### Exercise details:
Find the word "exprM" in the data. Return every line where it appears.

(Stored items)
****************
(* Let $H$ be a finite two-step nilpotent $p$-group ($p$ prime) whose commutator subgroup $[H,H]$ is cyclic. Then \[ m_{\mathsf{faithful}}(H)=\sqrt{[H:Z(H)]}+m_{\mathsf{faithful}}(Z(H))-1, \] where $Z(H)$ is the center of $H$.
   Context: For a finite group $G$, $m_{\mathsf{faithful}}(G)$ denotes the smallest dimension of a faithful complex representation of $G$. *)

From HB Require Import structures.
From mathcomp Require Import all_boot all_order all_algebra all_fingroup all_solvable all_field all_character.
From mathcomp Require Import pgroup nilpotent commutator center mxrepresentation.
From Stdlib Require Import ClassicalEpsilon.
Set Implicit Arguments. Unset Strict Implicit. Unset Printing Implicit Defensive.

Definition has_faithful_rep (gT : finGroupType) (G : {group gT}) (n : nat) : Prop :=
  exists rG : mx_representation algC G n, mx_faithful rG.

Definition has_faithful_repb (gT : finGroupType) (G : {group gT}) (n : nat) : bool :=
  if excluded_middle_informative (has_faithful_rep G n) then true else false.

Lemma has_faithful_repb_P (gT : finGroupType) (G : {group gT}) n :
  reflect (has_faithful_rep G n) (has_faithful_repb G n).
Proof.
rewrite /has_faithful_repb; case: excluded_middle_informative => H.
  by constructor. by constructor.
Qed.

Lemma exists_faithful_dim (gT : finGroupType) (G : {group gT}) :
  exists n, has_faithful_repb G n.
Proof.
exists (gcard G); apply/has_faithful_repb_P.
exists (regular_repr algC G); exact: regular_mx_faithful.
Qed.

Definition m_faithful (gT : finGroupType) (G : {group gT}) : nat :=
  ex_minn (exists_faithful_dim G).

From HB Require Import structures.
From mathcomp Require Import all_boot all_order all_algebra all_fingroup all_solvable all_field all_character.
From mathcomp Require Import pgroup nilpotent commutator center mxrepresentation.
From mathcomp Require Import zify.
From Stdlib Require PeanoNat.
Set Implicit Arguments. Unset Strict Implicit. Unset Printing Implicit Defensive.
Import Order.TTheory GRing.Theory Num.Theory.
Local Open Scope ring_scope.

(* A faithful representation of minimal dimension is a sum of distinct
   irreducible characters whose kernels meet trivially, so m_faithful is a
   minimum of sums of degrees over such sets.  Write Z = Z(H) and D = [H, H].
   Every irreducible chi of H restricts to Z as chi(1) lambda with lambda
   linear, and its kernel in Z is ker lambda.  As D is a nontrivial cyclic
   p-group, any such faithful set contains some chi0 faithful on D; then
   [Z(chi0), H] <= D :&: ker chi0 = 1 forces Z(chi0) = Z, and as H/Z(chi0)
   is abelian, chi0(1)^2 = [H : Z].
   Lower bound: the restrictions of a faithful set of H form a faithful set
   of Z, so a minimal one has at least m_faithful Z members, chi0 among them.
   Upper bound: take a minimal faithful set of Z, necessarily of linear
   characters, containing some lambda0 faithful on D = <[g]>.  Lift lambda0
   to an irreducible chi0 of H, and twist every other lambda into
   lambda lambda0^k trivial on D; it lies under a linear character of H.  The
   common kernel of the resulting set meets Z trivially, hence is trivial
   since H is nilpotent. *)

Section FaithfulIrrSets.
Variables (gT : finGroupType) (G : {group gT}).

Definition irr_dim (i : Iirr G) : nat := irr_degree (socle_of_Iirr i).

Lemma irr1_dim i : 'chi_i 1%g = (irr_dim i)%:R.
Proof. exact: irr1_degree. Qed.

Lemma irr_dim_gt0 i : (0 < irr_dim i)%N.
Proof. by rewrite -(ltr_nat algC) -irr1_dim irr1_gt0. Qed.

Lemma irr_dim_lin i : 'chi_i \is a linear_char -> irr_dim i = 1%N.
Proof. by move=> Li; apply/eqP; rewrite -(eqr_nat algC) -irr1_dim lin_char1. Qed.

Lemma sum_irr_dim_abelian (S : {set Iirr G}) :
  abelian G -> (\sum_(i in S) irr_dim i)%N = #|S|.
Proof.
move/char_abelianP=> linG; rewrite -sum1_card.
by apply: eq_bigr => i _; apply: irr_dim_lin.
Qed.

Lemma lin_irr_kerE (i : Iirr G) x :
  'chi_i \is a linear_char -> (x \in cfker 'chi_i) = ('chi_i x == 1).
Proof. by move=> Li; rewrite cfkerEirr inE lin_char1. Qed.

Definition faithful_irr_set (S : {set Iirr G}) : bool :=
  (G :&: \bigcap_(i in S) cfker 'chi_i \subset [1])%g.

Lemma cfker_sum_irr (S : {set Iirr G}) :
  cfker (\sum_(i in S) 'chi_i) = (G :&: \bigcap_(i in S) cfker 'chi_i)%g.
Proof.
rewrite cfkerE ?rpred_sum // => [|i _]; last exact: irr_char.
congr (_ :&: _)%g; apply: eq_bigl => j; rewrite irr_consttE cfdot_suml.
have [jS | jS] := boolP (j \in S).
  rewrite (bigD1 j) //= cfdot_irr eqxx big1 ?addr0 ?oner_eq0 // => i /andP[_ ij].
  by rewrite cfdot_irr (negbTE ij).
rewrite big1 ?eqxx // => i iS; rewrite cfdot_irr.
by have /negbTE-> : i != j by apply: contraNneq jS => <-.
Qed.

Lemma faithful_rep_irr_set n : has_faithful_rep G n ->
  exists2 S, faithful_irr_set S & (\sum_(i in S) irr_dim i <= n)%N.
Proof.
case=> rG ffG; set phi := cfRepr rG.
have Nphi : phi \is a character by exact: cfRepr_char.
set S := [set i | i \in irr_constt phi].
have constt_phi i : (i \in irr_constt phi) = (i \in S) by rewrite /S !inE.
exists S.
  apply: subset_trans ffG; rewrite -cfker_repr -/phi cfkerE //.
  by rewrite (eq_bigl _ _ constt_phi).
rewrite -(ler_nat algC) natr_sum -(cfRepr1 rG) -/phi {1}[phi]cfun_sum_constt.
rewrite sum_cfunE -(eq_bigl _ _ constt_phi); apply: ler_sum => i phi_i.
rewrite cfunE irr1_dim ler_peMl ?ler0n //.
move: phi_i; rewrite irr_consttE.
by case/natrP: (Cnat_cfdot_char_irr i Nphi) => m ->; rewrite pnatr_eq0 ler1n lt0n.
Qed.

Lemma faithful_irr_set_rep S :
  faithful_irr_set S -> has_faithful_rep G (\sum_(i in S) irr_dim i).
Proof.
move=> ffS; set phi := \sum_(i in S) 'chi[G]_i.
have Nphi : phi \is a character by rewrite rpred_sum // => i _; exact: irr_char.
have [[d rG] Ephi] := char_reprP Nphi.
suff <- : d = (\sum_(i in S) irr_dim i)%N.
  by exists rG; rewrite /mx_faithful -cfker_repr -Ephi cfker_sum_irr.
apply/eqP; rewrite -(eqr_nat algC) -(cfRepr1 rG) -Ephi natr_sum sum_cfunE.
by apply/eqP/eq_bigr => i _; rewrite irr1_dim.
Qed.

Lemma m_faithful_irr_set :
  exists2 S, faithful_irr_set S & (\sum_(i in S) irr_dim i <= m_faithful G)%N.
Proof.
by apply: faithful_rep_irr_set; rewrite /m_faithful; case: ex_minnP => m /has_faithful_repb_P.
Qed.

Lemma m_faithful_le_irr_set S :
  faithful_irr_set S -> (m_faithful G <= \sum_(i in S) irr_dim i)%N.
Proof.
move/faithful_irr_set_rep/has_faithful_repb_P => ffS.
by rewrite /m_faithful; case: ex_minnP => m _; apply.
Qed.

Lemma nil_faithful_irr_set_center (S : {set Iirr G}) : nilpotent G ->
  ('Z(G) :&: \bigcap_(i in S) cfker 'chi_i \subset [1])%g -> faithful_irr_set S.
Proof.
move=> nilG TI; rewrite /faithful_irr_set -cfker_sum_irr subG1.
apply/eqP/(TI_center_nil nilG (cfker_normal _))/trivgP.
rewrite [gval _]/= cfker_sum_irr; apply: subset_trans TI.
by apply/subsetP=> x /setIP[/setIP[_ Kx] Zx]; rewrite inE Zx.
Qed.

End FaithfulIrrSets.

Section CenterRestriction.
Variables (gT : finGroupType) (G : {group gT}).

Lemma center_sub_cfcenter_irr (i : Iirr G) : ('Z(G) \subset 'Z('chi_i)%CF)%g.
Proof. by rewrite -cap_cfcenter_irr; exact: bigcap_inf. Qed.

Lemma cfRes_center_irr (i : Iirr G) :
  exists j : Iirr 'Z(G), 'Res['Z(G)] 'chi_i = 'chi_i 1%g *: 'chi_j.
Proof.
have [xi Lxi Exi] := cfcenter_Res 'chi_i.
have /irrP[j Ej] := lin_char_irr (cfRes_lin_char 'Z(G) Lxi).
exists j; rewrite -(cfResRes _ (center_sub_cfcenter_irr i)) ?cfcenter_sub //.
by rewrite Exi linearZ /= Ej.
Qed.

Lemma cfRes_center_irr_over (j : Iirr 'Z(G)) :
  exists i : Iirr G, 'Res['Z(G)] 'chi_i = 'chi_i 1%g *: 'chi_j.
Proof.
have [i constt_i] := neq0_has_constt (Ind_irr_neq0 j (center_sub G)).
have [k Ek] := cfRes_center_irr i; exists i; rewrite Ek.
move: constt_i; rewrite constt_Ind_Res Ek irr_consttE cfdotZl cfdot_irr mulf_eq0 negb_or.
by rewrite irr1_neq0 pnatr_eq0 eqb0 negbK => /eqP->.
Qed.

Lemma cfker_center_irr (i : Iirr G) (j : Iirr 'Z(G)) x :
  'Res['Z(G)] 'chi_i = 'chi_i 1%g *: 'chi_j -> x \in 'Z(G)%g ->
  (x \in cfker 'chi_i) = (x \in cfker 'chi_j).
Proof.
move=> Ei Zx; rewrite -(cfker_scale_nz 'chi_j (irr1_neq0 i)) -Ei.
by rewrite cfker_Res ?center_sub ?irr_char // in_setI Zx.
Qed.

Lemma cfcenter_irr_sub_center (i : Iirr G) :
  ([~: G, G] :&: cfker 'chi_i \subset [1])%g -> ('Z('chi_i)%CF \subset 'Z(G))%g.
Proof.
move=> TI; apply/subsetP=> x Zx; set K := cfker 'chi_i.
have Gx : x \in G := subsetP (cfcenter_sub _) x Zx.
have nKG : (G \subset 'N(K))%g := cfker_norm _.
have /centerP[_ cKx] := subsetP (cfcenter_subset_center 'chi_i) _ (mem_quotient K Zx).
apply/centerP; split=> // y Gy; apply/commgP.
suff Kxy : [~ x, y]%g \in ([~: G, G] :&: K)%g by have := subsetP TI _ Kxy; rewrite inE.
rewrite inE mem_commg //=; apply: coset_idr; first by rewrite groupR // (subsetP nKG).
rewrite (morphR _ (subsetP nKG x Gx) (subsetP nKG y Gy)); apply/eqP/commgP.
by rewrite /commute cKx // mem_quotient.
Qed.

End CenterRestriction.

Section CyclicPGroup.
Variable gT : finGroupType.

(* Every kernel meeting C contains the unique subgroup of order p of C. *)
Lemma faithful_irr_set_cyclic_TI (G C : {group gT}) (p : nat) (S : {set Iirr G}) :
  (p.-group C)%g -> cyclic C -> C != 1%g :> {set gT} -> (C \subset G)%g ->
  faithful_irr_set S -> exists2 i, i \in S & (C :&: cfker 'chi_i \subset [1])%g.
Proof.
move=> pC cC ntC sCG ffS; have [pr_p pdC _] := pgroup_pdiv pC ntC.
have [x Cx ox] := Cauchy pr_p pdC.
apply/exists_inP; apply: contraTT ffS => /exists_inPn ntK.
apply/subsetPn; exists x; last by rewrite inE -order_eq1 ox; case: (p) pr_p => [|[]].
rewrite inE (subsetP sCG) //=; apply/bigcapP=> i /ntK ntCK.
pose D := (C :&: cfker_group 'chi_i)%G.
have ntD : D != 1%g :> {set gT} by rewrite -subG1.
have [_ pdD _] := pgroup_pdiv (pgroupS (subsetIl _ _) pC) ntD.
have [y /setIP[Cy Ky] oy] := Cauchy pr_p pdD.
have /eqP xy : <[x]>%g == <[y]>%g.
  by rewrite (eq_subG_cyclic cC) ?cycle_subG // -!orderE ox oy.
by rewrite -cycle_subG xy cycle_subG.
Qed.

Lemma lin_char_prim_root (G : {group gT}) (xi : 'CF(G)) g :
  xi \is a linear_char -> g \in G -> (<[g]> :&: cfker xi \subset [1])%g ->
  #[g]%g.-primitive_root (xi g).
Proof.
move=> Lxi Gg TI.
have [m pm dm] := prim_order_exists (order_gt0 g) (lin_char_unity_root Lxi Gg).
suff -> : #[g]%g = m by [].
apply/eqP; rewrite eqn_dvd dm andbT order_dvdn.
have : (g ^+ m)%g \in (<[g]> :&: cfker xi)%g.
  rewrite inE mem_cycle cfkerEchar ?lin_charW // inE groupX //=.
  by rewrite lin_charX // (prim_expr_order pm) lin_char1.
by move/(subsetP TI); rewrite inE.
Qed.

Lemma lin_char_cancel_cycle (G : {group gT}) (xi0 xi : 'CF(G)) g :
  xi0 \is a linear_char -> xi \is a linear_char -> g \in G ->
  (<[g]> :&: cfker xi0 \subset [1])%g ->
  exists k, {in <[g]>%g, forall x, xi x * xi0 x ^+ k = 1}.
Proof.
move=> L0 L Gg TI; have pr := lin_char_prim_root L0 Gg TI.
have [[i lt_i_g] Ei] := prim_rootP pr (lin_char_unity_root L Gg).
exists (#[g]%g - i)%N => _ /cycleP[m ->].
rewrite !lin_charX ?(subsetP (cycle_subG g)) // Ei /=.
rewrite -!exprM -exprD [(i * m)%N]mulnC -mulnDr subnKC ?(ltnW lt_i_g) //.
by rewrite mulnC exprM (prim_expr_order pr) expr1n.
Qed.

End CyclicPGroup.

Section CentralDerived.
Variables (gT : finGroupType) (H : {group gT}).
Hypothesis sDZ : ([~: H, H] \subset 'Z(H))%g.

Lemma irr_dim_sq (i : Iirr H) : (irr_dim i ^ 2)%N = #|H : 'Z('chi_i)%CF|%g.
Proof.
apply/eqP; rewrite -(eqr_nat algC) natrX -irr1_dim irr1_abelian_bound //.
by apply: sub_der1_abelian; rewrite derg1 (subset_trans sDZ) ?center_sub_cfcenter_irr.
Qed.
****************
### Written answer:
rewrite -!exprM -exprD [(i * m)%N]mulnC -mulnDr subnKC ?(ltnW lt_i_g) //.
by rewrite mulnC exprM (prim_expr_order pr) expr1n.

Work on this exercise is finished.